## Assigned task
Range to reproduce from the entries below: the line with "exists c, In c (words k (alphabet n M)) /\", the line with "rewrite INR_IZR_INZ in", and every line in between. Give them exactly and give nothing else.

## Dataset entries
Lemma coded_support_word n k M h x : (0 < n)%nat -> 0 < h ->
  coded_support n k h M x ->
  exists c, In c (words k (alphabet n M)) /\
    forall i, (i < n)%nat -> decode h M c i = round0 h (x i).
Proof.
  intros Hn Hh [S [Hnd [HSn [Hlen [Hsupp Hb]]]]].
  assert (Hlev : forall j, In j S -> (- Z.of_nat M <= level h (x j) <= Z.of_nat M)%Z).
  { intros j Hj. pose proof (level_abs_le h Hh (x j)). specialize (Hb j Hj).
    assert (Rabs (IZR (level h (x j))) <= INR M) by (apply Rmult_le_reg_r with h; lra).
    rewrite INR_IZR_INZ in *. pose proof (Rle_abs (IZR (level h (x j)))).
    pose proof (Rle_abs (- IZR (level h (x j)))). rewrite Rabs_Ropp in *.
    split; apply le_IZR; rewrite ?opp_IZR; lra. }
  exists (map (encode h M x) S ++ repeat (0%nat, M) (k - length S)). split.
  - apply in_words; [rewrite length_app, length_map, repeat_length; lia|].
    intros p [Hp|Hp]%in_app_or.
    + apply in_map_iff in Hp as [j [<- Hj]]. specialize (HSn j Hj). specialize (Hlev j Hj).
      apply in_prod; apply in_seq; lia.
    + apply repeat_spec in Hp as ->. apply in_prod; apply in_seq; lia.
  - intros i Hi. rewrite decode_app, decode_pad, Rplus_0_r, decode_encode
      by (auto; intros; apply Hlev; auto).
    destruct (in_dec Nat.eq_dec i S) as [|Hn']; auto.
    destruct (Req_dec (round0 h (x i)) 0) as [E|E]; auto. exfalso. apply Hn', Hsupp; auto.
Qed.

## Worked solution
  exists c, In c (words k (alphabet n M)) /\
    forall i, (i < n)%nat -> decode h M c i = round0 h (x i).
Proof.
  intros Hn Hh [S [Hnd [HSn [Hlen [Hsupp Hb]]]]].
  assert (Hlev : forall j, In j S -> (- Z.of_nat M <= level h (x j) <= Z.of_nat M)%Z).
  { intros j Hj. pose proof (level_abs_le h Hh (x j)). specialize (Hb j Hj).
    assert (Rabs (IZR (level h (x j))) <= INR M) by (apply Rmult_le_reg_r with h; lra).
    rewrite INR_IZR_INZ in *. pose proof (Rle_abs (IZR (level h (x j)))).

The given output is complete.